Spanish Property is the time right to buy

Chronic oversupply and a weak economy mean that Spanish vendors are offering some great incentives to buyers. Is now the time to strike when there is blood running in the streets?

Desperate times call for desperate measures, and for parts of the Spanish property market, despair is almost too weak a word. The past five years have heaped on misery after misery. The credit crunch unmasked catastrophic levels of overbuilding, and then the ongoing euro crisis has kept the Spanish economy under the thumb. Banks and estate agents are slashing prices, to help them offload the glut of unsold properties.
During the height of Spain’s property boom Britons flocked to the country’s coast. They bought holiday and retirement homes, and fulfilled long-held dreams of a place in the sun.

This constant demand inspired builders and developers to keep putting up more houses. A decade-long frenzy saw Spain’s construction industry fuel the nation’s economic boom, before its spectacular collapse when the bubble burst in 2007-08.

But now, with an estimated one million unsold new homes alone amid a weak domestic market, Spain’s authorities are keener than ever to promote it as the place to buy. A glance at any property website offering homes in Spain reveals the great bargains to be had.

At the Desert Springs resort in the Almeria region of southern Spain, a brand new luxury colonial-style town house with two bedrooms set within landscaped gardens, near a championship golf course, is offered for €165,000 Euro less than 50 per cent of the original asking price.

Along the coast in the sought-after San Roque development, a stone’s throw from Gibraltar and Sotogrande on the Costa del Sol, a luxury apartment is offered for only €170,000 (Euro a massive discount of 85 per cent from the €933,913 asking price at its peak in 2008. Banking groups have been forced to write down losses. This has led to a slash in prices, as they attempt to claw back funds. Foreign buyers are finding it hard to resist bargain Spanish property.
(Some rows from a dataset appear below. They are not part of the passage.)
Lemma form_cutoff_le (h : E -> R) (n k : nat) (L : R) :
  lam mu q d = L%:E -> in_A mu q h ->
  (Defs.form mu q (fun x => (h x * cutoff d o (n%:R + 1) x)%R)
    <= (2 * expR (- infV d o V (n%:R + k%:R + 2)))%:E * muV mu V (Gam mu q h)
     + (2 * L * expR (- infV d o V (n%:R + k%:R + 2)))%:E * muV mu V (fun x => (h x ^+ 2)%:E)
     + (sup_norm h ^+ 2)%:E * etank mu q d o n k)%E.
Proof.
move=> lamE [mh hb _].
have L_ge0 : 0 <= L by rewrite -lee_fin -lamE (lam_ge0 _ _ _ o).
pose F1 x := (Gam mu q h x * (expR (V x))%:E)%E.
pose F2 x := ((h x ^+ 2)%:E * (expR (V x))%:E)%E.
pose F3 := jump_rate mu q [set y | rho d o y <= n%:R + 1]
  \_ [set x | n%:R + k%:R + 2 < rho d o x].
have mF1 : measurable_fun [set: E] F1.
  exact: emeasurable_funM (measurable_Gam mu q mq q_ge0 _ mh) (measurable_expV _ mV).
have mF2 : measurable_fun [set: E] F2.
  exact: emeasurable_funM (measurable_EFin_fun (measurable_funX _ mh)) (measurable_expV _ mV).
have mF3 : measurable_fun [set: E] F3.
  apply/(measurable_restrictT _ _).1; first exact: measurable_rho_gt.
  exact/measurable_funTS/measurable_jump_rate/measurable_rho_le.
have F1_ge0 x : (0 <= F1 x)%E by rewrite mule_ge0 ?Gam_ge0 ?lee_fin ?expR_ge0.
have F2_ge0 x : (0 <= F2 x)%E by rewrite mule_ge0 ?lee_fin ?expR_ge0 ?sqr_ge0.
have F3_ge0 x : (0 <= F3 x)%E.
  by rewrite /F3 patchE; case: ifP => // _; exact: jump_rate_ge0.
apply: le_trans (ge0_le_integral _ _ _ _ _
  (fun x _ => Gam_cutoff_split_le h n k L x lamE mh hb)) _ => //.
- by move=> x _; exact: Gam_ge0.
- exact/measurable_Gam/measurable_funM/measurable_cutoff.
- by apply: emeasurable_funD; [apply: emeasurable_funD|]; exact: measurable_funeM.
rewrite ge0_integralD //.
- rewrite ge0_integral_lincomb ?mulr_ge0 ?expR_ge0 // ge0_integralZl_EFin ?sqr_ge0 //.
  have -> : etank mu q d o n k = (\int[mu]_x F3 x)%E by rewrite /etank integral_mkcond.
  exact: lexx.
- move=> x _; apply: adde_ge0; apply: mule_ge0; try exact: F1_ge0; try exact: F2_ge0.
  + by rewrite lee_fin mulr_ge0 ?expR_ge0.
  + by rewrite lee_fin !mulr_ge0 ?expR_ge0.
- by apply: emeasurable_funD; exact: measurable_funeM.
- by move=> x _; apply: mule_ge0; [rewrite lee_fin sqr_ge0 | exact: F3_ge0].
- exact: measurable_funeM.
Qed.

Lemma in_A_cutoff (h : E -> R) (L r : R) : lam mu q d = L%:E -> in_A mu q h ->
  in_A mu q (fun x => h x * cutoff d o r x).
Proof.
move=> lamE [mh [M hM] [G hG]].
split; first exact/measurable_funM/measurable_cutoff.
  exists M => x; rewrite normrM (ger0_norm (cutoff_ge0 _ _ r x)).
  by apply: le_trans (hM x); apply: ler_piMr => //; exact: cutoff_le1.
exists (2 * G + 2 * M ^+ 2 * L) => x.
apply: le_trans (Gam_cutoff_le _ _ _ _ hpol mq q_ge0 _ r _ mh) _.
have L_ge0 : 0 <= L by rewrite -lee_fin -lamE (lam_ge0 _ _ _ o).
rewrite lamE -EFinM; apply: le_trans (leeD (lee_wpmul2l _ (hG x)) (lexx _)) _ => //.
rewrite -EFinM -EFinD lee_fin lerD2l ler_wpM2r // ler_wpM2l //.
exact: sqr_le_of_norm_le.
Qed.

Hypothesis expV_int1 : (\int[mu]_x (expR (V x))%:E = 1)%E.

Lemma in_A_muV_fin_num h : in_A mu q h ->
  [/\ muV mu V (Gam mu q h) \is a fin_num, muV mu V (fun x => (h x ^+ 2)%:E) \is a fin_num
     & muV mu V (fun x => (`|h x|)%:E) \is a fin_num].
Proof.
case=> mh [M hM] [G hG]; split.
- apply: (bounded_muV_fin_num _ _ mV expV_int1 _ G) => // [|x].
  + exact: measurable_Gam.
  + exact: Gam_ge0.
- apply: (bounded_muV_fin_num _ _ mV expV_int1 _ (M ^+ 2)) => [|x|x].
  + exact/measurable_EFin_fun/measurable_funX.
  + by rewrite lee_fin sqr_ge0.
  + by rewrite lee_fin sqr_le_of_norm_le.
- apply: (bounded_muV_fin_num _ _ mV expV_int1 _ M) => [|x|x]; rewrite ?lee_fin //.
  exact/measurable_EFin_fun/(measurableT_comp (@normr_measurable R setT) mh).
Qed.

Lemma local_super_Poincare (beta : R -> R) (L s : R) (n k : nat) (f : E -> R) :
  lam mu q d = L%:E -> (1 <= k)%N -> 0 < s -> 0 <= beta s ->
  (forall (g : E -> R) (e : R), closure_form mu q g e ->
     (\int[mu]_x ((g x ^+ 2)%R)%:E
        <= (s * e)%:E + (beta s)%:E *
             ((\int[mu]_x (`|g x|%R)%:E) * (\int[mu]_x (`|g x|%R)%:E)))%E) ->
  in_A mu q f ->
  (muV mu V (fun x => ((f x ^+ 2) * \1_[set y | rho d o y <= n%:R] x)%R%:E)
     <= (2 * s * expR (Knk d o V n k))%:E * muV mu V (Gam mu q f)
        + (16 * s * expR (Knk d o V n k))%:E * lam mu q d
            * muV mu V (fun x => ((f x ^+ 2)%R)%:E)
        + (16 * s * expR (Zn d o V n))%:E * etank mu q d o n k
            * ((sup_norm f ^+ 2)%R)%:E
        + (beta s * expR (Jnk d o V n k))%:E
            * (muV mu V (fun x => (`|f x|%R)%:E) * muV mu V (fun x => (`|f x|%R)%:E)))%E.
Proof.
move=> lamE k_ge1 s_gt0 beta_ge0 spi fA; have [mf _ _] := fA.
pose g x := f x * cutoff d o (n%:R + 1) x.
have gA : in_A mu q g by exact: in_A_cutoff lamE fA.
set I := infV d o V (n%:R + k%:R + 2); set Z := supV d o V (n%:R + 1).
have L_ge0 : 0 <= L by rewrite -lee_fin -lamE (lam_ge0 _ _ _ o).
have [Gf_fin f2_fin absf_fin] := in_A_muV_fin_num f fA.
have eta_fin : etank mu q d o n k \is a fin_num.
  rewrite ge0_fin_numE ?etank_ge0 //.
  by rewrite (le_lt_trans (etank_le_lam _ _ _ _ hpol mq q_ge0 _ _ k_ge1)) // lamE ltry.
have form_fin := in_A_form_fin_num mu q mq q_ge0 g gA.
have absg_fin := in_A_integral_abs_fin_num mu q g gA.
have ball_le := muV_ball_le f n mf.
have spi_g := spi g _ (in_A_closure_form mu q mq q_ge0 g gA).
have absg_le := integral_abs_cutoff_le f (n%:R + 1) (n%:R + k%:R + 2) mf
  ltac:(by have := ler0n R k; lra).
have form_le := form_cutoff_le f n k L lamE fA.
rewrite -(fineK Gf_fin) -(fineK f2_fin) -(fineK absf_fin) -(fineK eta_fin) lamE.
rewrite -(fineK Gf_fin) -(fineK f2_fin) -(fineK eta_fin) -(fineK form_fin) in form_le.
rewrite -(fineK absf_fin) -(fineK absg_fin) in absg_le.
rewrite -(fineK absg_fin) in spi_g.
apply: le_trans ball_le _; apply: le_trans (lee_wpmul2l _ spi_g) _.
  by rewrite lee_fin expR_ge0.
rewrite -!EFinM -!EFinD lee_fin.
rewrite -!EFinM -!EFinD lee_fin in form_le absg_le.
set a := fine (muV _ _ (Gam _ _ f)) in form_le *.
set b := fine (muV _ _ (fun x => (f x ^+ 2)%:E)) in form_le *.
set c := fine (muV _ _ (fun x => (`|f x|)%:E)) in absg_le *.
set eta := fine (etank _ _ _ _ _ _) in form_le *.
set eg := fine (Defs.form _ _ _) in form_le *.
set g1 := fine (\int[mu]_x _) in absg_le *.
have a_ge0 : 0 <= a by rewrite fine_ge0 // muV_ge0 // => x; exact: Gam_ge0.
have b_ge0 : 0 <= b by rewrite fine_ge0 // muV_ge0 // => x; rewrite lee_fin sqr_ge0.
have eta_ge0 : 0 <= eta by rewrite fine_ge0 // etank_ge0.
have g1_ge0 : 0 <= g1 by rewrite fine_ge0 // integral_ge0.
have eJ : expR (Jnk d o V n k) = expR Z * expR (- I) * expR (- I).
  by rewrite -!expRD /Jnk; congr expR; rewrite -/I -/Z; ring.
have eK : expR Z * expR (- I) <= expR (Knk d o V n k).
  rewrite -expRD ler_expR /Knk -/I lerD2r.
  by apply: (le_supV _ _ hpol _ V_ball_bounded); have := ler0n R n; lra.
rewrite eJ; apply: combine_cutoff_bounds => //; rewrite ?expR_ge0 ?sqr_ge0 //.
exact: ltW.
Qed.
Most foreign buyers of overseas property borrow against their home country home if they need to raise money, and then spend the cash abroad. But it is still possible to get a local mortgage in Spain and some banks are offering attractive deals with the sales. In most cases borrowers can borrow up to 70 per cent of the value of the property from 3.2 per cent. But experts say that it is the nature of the market itself that has made Spain a much safer place to buy than ever before. But above all, with the bargains to be had, it’s a buyers’ market. A buyer today is in a much better position than those who bought in the boom. Prices have dropped 50 per cent in some areas.

Olive groves, sunshine, hot tapas, cold wine: Spain’s charms will outlast this economic crisis, and many to come. These prices, on the other hand, may not.
“The way to make money is to buy when blood is running in the streets.” John D. Rockefeller.